Но все это — в будущем, которое сейчас стало для меня прошлым. А тогда я ехал в дешевом вагоне прямо навстречу Ленинграду в компании таких же, как я, но постарше, милых товарищей, с которыми я и печатал журнал «Свежесть» на пишущей машинке «Москва» в количестве двенадцати экземпляров (четыре закладки). Один из этих товарищей к зиме сдал меня комсомольцам, сказав, что это именно я «вовлек его в такую грязную затею», а другой сначала был исключен из Лесотехнического института, зато потом был быстро-быстро восстановлен и еще быстрее сделал головокружительную карьеру в области досок и фанеры, очевидно войдя в полезный контакт с карающими компетентными органами, чего люди по нынешним временам не только не стыдятся, а даже — наоборот. Более того, многие из начальничков практически гордятся тем, что имеют хоть какое-то отношение к месторождению и прежнему роду занятий нашего нынешнего нового-старого Президента, дай нам всем, в том числе и ему, Бог здоровья и терпения, чтобы окончательно не скурвиться от нашей такой амбивалентной жизни, как на качелях — то вверх, то вниз.
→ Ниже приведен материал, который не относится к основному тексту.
(* Let $\Lambda=kQ/I(n;n',n'';V)$ with $m=\min(n',n'')$, $d=\dim_kV/(\beta^m)$, and suppose $V$ is an ideal of $k[\beta]$, i.e. $V=(\beta^{m-d})$, and that $\delta=\gcd(n,n',n'')$ divides $d$. Then $$\dim_k\mathrm{HH}^1(\Lambda)=(n-1)+(m-1)+c>0.$$ In particular, if $m=1$ then $\dim_k\mathrm{HH}^1(\Lambda)=n-1$.
   Context: $k$ is a field; $Q$ is the quiver with vertices $1,2,3$ and arrows $\alpha\colon 2\to1$, $\beta\colon 2\to 2$, $\gamma\colon 3\to 2$; $kQ$ is generated by pairwise orthogonal idempotents $e_1,e_2,e_3$ (sum $1$) and $\alpha,\beta,\gamma$ with $e_1\alpha=\alpha=\alpha e_2$, $e_2\beta=\beta=\beta e_2$, $e_3\gamma=\gamma=\gamma e_2$, $\gamma\alpha=\beta\alpha=\gamma\beta=0$; for $v=\sum_iv_i\beta^i\in k[\beta]$, $\alpha v\gamma=\sum_iv_i\alpha\beta^i\gamma$. For integers $n\ge 2$, $1\le n',n''\le n$, $m=\min(n',n'')$ and a $k$-subspace $V\subseteq k[\beta]$ containing $(\beta^m)$, $I(n;n',n'';V)$ is the two-sided ideal of $kQ$ generated by $\alpha\beta^{n'}$, $\beta^n$, $\beta^{n''}\gamma$ and all $\alpha v\gamma$, $v\in V$. $c=1$ if $\delta=0$ in $k$ and $c=0$ otherwise. $\mathrm{HH}^1(\Lambda)=\mathrm{Der}_k(\Lambda,\Lambda)/\mathrm{Inn}(\Lambda)$. *)

From HB Require Import structures.
From mathcomp Require Import all_boot all_order all_algebra.
Set Implicit Arguments. Unset Strict Implicit. Unset Printing Implicit Defensive.
Import GRing.Theory.
Local Open Scope ring_scope.

(* Vertices 1,2,3 are the indices 0,1,2.
   Ambient type: 3x3 matrices over k[x]; the path algebra kQ is the set of
   matrices  [[a1, q, s], [0, p, r], [0, 0, a3]]  with a1,a3 constants, which
   stands for  a1 e1 + a3 e3 + p(beta) + alpha q(beta) + r(beta) gamma
   + alpha s(beta) gamma  (the k-span of the paths e1,e2,e3, beta^i,
   alpha beta^i, beta^i gamma, alpha beta^i gamma).  Multiplication of paths
   is matrix multiplication (target vertex = row index). *)
Section PathAlg.
Variable k : fieldType.

Definition Mat := 'M[{poly k}]_3.

Definition i0 : 'I_3 := @Ordinal 3 0 isT.
Definition i1 : 'I_3 := @Ordinal 3 1 isT.
Definition i2 : 'I_3 := @Ordinal 3 2 isT.

Definition kscale (c : k) (x : Mat) : Mat := c%:P *: x.

Definition e1 : Mat := delta_mx i0 i0.
Definition e2 : Mat := delta_mx i1 i1.
Definition e3 : Mat := delta_mx i2 i2.
Definition alpha : Mat := delta_mx i0 i1.            (* 2 -> 1 *)
Definition beta  : Mat := 'X *: delta_mx i1 i1.
Definition gamma : Mat := delta_mx i1 i2.            (* 3 -> 2 *)

Definition kQ (x : Mat) : Prop :=
  [/\ x i1 i0 = 0, x i2 i0 = 0, x i2 i1 = 0,
      (size (x i0 i0) <= 1)%N & (size (x i2 i2) <= 1)%N].

(* alpha v gamma = sum_i v_i alpha beta^i gamma, for v in k[beta] *)
Definition avg (v : {poly k}) : Mat :=
  \sum_(i < size v) kscale v`_i (alpha * beta ^+ i * gamma).

Definition ideal_gen (S : Mat -> Prop) (x : Mat) : Prop :=
  exists (N : nat) (a g b : 'I_N -> Mat),
    (forall j, [/\ kQ (a j), S (g j) & kQ (b j)]) /\
    x = \sum_(j < N) a j * g j * b j.

Definition gensI (n n' n'' : nat) (V : {poly k} -> Prop) (g : Mat) : Prop :=
  [\/ g = alpha * beta ^+ n', g = beta ^+ n, g = beta ^+ n'' * gamma
    | exists v, V v /\ g = avg v].

Definition I_ideal n n' n'' V := ideal_gen (gensI n n' n'' V).

(* A k-linear endomorphism of Lambda is represented by a
   k-linear map f on kQ with f(I) <= I (every linear map of the quotient lifts);
   two lifts represent the same map iff they differ by a map into I. *)
Variable I : Mat -> Prop.

Definition klinear_on_kQ (f : Mat -> Mat) : Prop :=
  forall (c : k) x y, kQ x -> kQ y -> f (kscale c x + y) = kscale c (f x) + f y.

Definition is_der (f : Mat -> Mat) : Prop :=
  [/\ klinear_on_kQ f,
      (forall x, kQ x -> kQ (f x)),
      (forall x, I x -> I (f x)) &
      (forall x y, kQ x -> kQ y -> I (f (x * y) - (f x * y + x * f y)))].

Definition is_inner (f : Mat -> Mat) : Prop :=
  exists z, kQ z /\ forall x, kQ x -> I (f x - (z * x - x * z)).

Definition lincomb N (c : 'I_N -> k) (D : 'I_N -> Mat -> Mat) (x : Mat) : Mat :=
  \sum_(i < N) kscale (c i) (D i x).

(* dim_k HH^1(Lambda) = dim_k Der(Lambda)/Inn(Lambda) = N : there are N
   derivations whose classes form a basis of Der/Inn. *)
Definition dimHH1 (N : nat) : Prop :=
  exists D : 'I_N -> Mat -> Mat,
    [/\ forall i, is_der (D i),
        (forall c : 'I_N -> k, is_inner (lincomb c D) -> forall i, c i = 0) &
        (forall f, is_der f -> exists c : 'I_N -> k,
             is_inner (fun x => f x - lincomb c D x))].
End PathAlg.

From HB Require Import structures.
From mathcomp Require Import all_boot all_order all_algebra.
From mathcomp Require Import ring zify.
From Stdlib Require Import FunctionalExtensionality PropExtensionality.
Set Implicit Arguments. Unset Strict Implicit. Unset Printing Implicit Defensive.
Import GRing.Theory.
Local Open Scope ring_scope.

(* Write an element of kQ as a1 e1 + a3 e3 + p(beta) + alpha q(beta)
   + r(beta) gamma + alpha s(beta) gamma.  Then I consists of the elements with
   a1 = a3 = 0, beta^n' | q, beta^(m-d) | s, beta^n | p and beta^n'' | r.
   After subtracting the inner derivation by sum_i D(e_i) e_i, a derivation D
   kills the idempotents modulo I, so modulo I it is the derivation D(u, w, v)
   with alpha |-> alpha u(beta), beta |-> w(beta), gamma |-> v(beta) gamma.
   Commutators with c e1 + mu(beta) shift u and v by opposite amounts, and
   D(u, w, v) is inner exactly when beta^n | w and u + v is constant modulo
   beta^m.  Hence HH^1 has the basis beta |-> beta^(i+1) (i < n - 1),
   alpha |-> alpha beta^(j+1) (j < m - 1), plus beta |-> e2 when it preserves
   I.  Stability of I under D(u, w, v) forces w(0) n = w(0) n' = w(0) n'' = 0,
   so a constant term survives only if delta = 0 in k; conversely n, n', n''
   and, as delta | d, also m - d then vanish in k, and beta |-> e2 preserves I. *)

Lemma commr_mul (R : pzRingType) (z x y : R) :
  z * (x * y) - x * y * z = (z * x - x * z) * y + x * (z * y - y * z).
Proof. by rewrite mulrBl mulrBr !mulrA addrA subrK. Qed.

Lemma leibniz_defectB (R : pzRingType) (x y Fxy Fx Fy Gx Gy : R) :
  Fxy - (Gx * y + x * Gy) - ((Fx - Gx) * y + x * (Fy - Gy)) =
  Fxy - (Fx * y + x * Fy).
Proof. by rewrite mulrBl mulrBr addrACA -opprD opprB -addrA addKr. Qed.

Lemma scale_addrB (R : pzRingType) (V : lmodType R) (c : R) (a b a' b' : V) :
  (c *: a + b) - (c *: a' + b') = c *: (a - a') + (b - b').
Proof. by rewrite opprD addrACA scalerBr. Qed.

Lemma mulrn_gcdn_eq0 (V : zmodType) (x : V) a b :
  x *+ a = 0 -> x *+ b = 0 -> x *+ gcdn a b = 0.
Proof.
case: (posnP a) => [-> _ | a_gt0 ha hb]; first by rewrite gcd0n.
have [u _ /dvdnP [t /(congr1 (fun j => x *+ j))]] := Bezoutl b a_gt0.
by rewrite mulrnDr (mulnC u) (mulnC t) !mulrnA ha hb !mul0rn addr0.
Qed.

Lemma dvdn_gcdn3_minn a b c : (gcdn (gcdn a b) c %| minn b c)%N.
Proof.
rewrite /minn; case: ifP => _; first exact: dvdn_trans (dvdn_gcdl _ _) (dvdn_gcdr _ _).
exact: dvdn_gcdr.
Qed.

Section PolyFacts.
Variable k : fieldType.
Local Notation P := {poly k}.

Lemma dvdXnP j (p : P) : 'X^j %| p <-> forall i, (i < j)%N -> p`_i = 0.
Proof.
split=> [/dvdpP [t ->] i hij | h]; first by rewrite coefMXn hij.
rewrite -(poly_take_drop j p) (_ : take_poly j p = 0) ?add0r ?dvdp_mull //.
by apply/polyP => i; rewrite coef_take_poly coef0; case: ifP => // /h.
Qed.

Lemma dvdp_eqr (d p q : P) : d %| p -> p = q -> d %| q.
Proof. by move=> ? <-. Qed.

Lemma dvdXn_leq i j (p : P) : (i <= j)%N -> 'X^j %| p -> 'X^i %| p.
Proof. by move=> hij; apply: dvdp_trans; apply: dvdp_exp2l. Qed.

(* A derivative loses one power of X, which [w] restores unless the
   exponent vanishes in k. *)
Lemma dvdXn_deriv_mul j (s w : P) :
  'X^j %| s -> 'X %| w \/ (j%:R : k) = 0 -> 'X^j %| s^`() * w.
Proof.
case/dvdpP => t -> hw; rewrite derivM derivXn mulrDl.
apply: dvdp_add; first by apply/dvdp_mulr/dvdp_mull.
case: hw => [/dvdpP [w1 ->] | hj].
  case: j => [|j]; first by rewrite mulr0n mulr0 mul0r dvdp0.
  rewrite (_ : _ * _ = ((t * w1) *+ j.+1) * 'X^(j.+1)) ?dvdp_mull //.
  by rewrite /= exprS -mulr_natr -(mulr_natr (t * w1)); move: (_%:R) => N; ring.
by rewrite -mulr_natr -polyC_natr hj ?polyC0 !mulr0 mul0r dvdp0.
Qed.

Lemma coef_derivXn_mul j (p : P) : (0 < j)%N -> ('X^j^`() * p)`_j.-1 = p`_0 *+ j.
Proof. by move=> hj; rewrite derivXn mulrnAl coefMn coefXnM ltnn subnn. Qed.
Но я не об этом, я не о том. «Поезд бежал и удваивал скорость…» — пели товарищи, аккомпанируя себе на семиструнной гитаре. Меня поражало все — огромные российские пространства, станции и полустанки, на которых, в отличие от Сибири, уже продавали стаканами вишню, а не кедровые орехи. Я был изумлен, когда питерский студент-проводник, с которым я хотел поговорить об Ахматовой, сказал мне, что таковую не знает, что родом он «пскопской», и похвастался принадлежащей ему дефицитной в те времена семицветной шариковой авторучкой, а также обоюдосторонней пластмассовой расческой с разных размеров зубьями, добавив, что ею, видать, очень хорошо «мандалошек вычасывать»
.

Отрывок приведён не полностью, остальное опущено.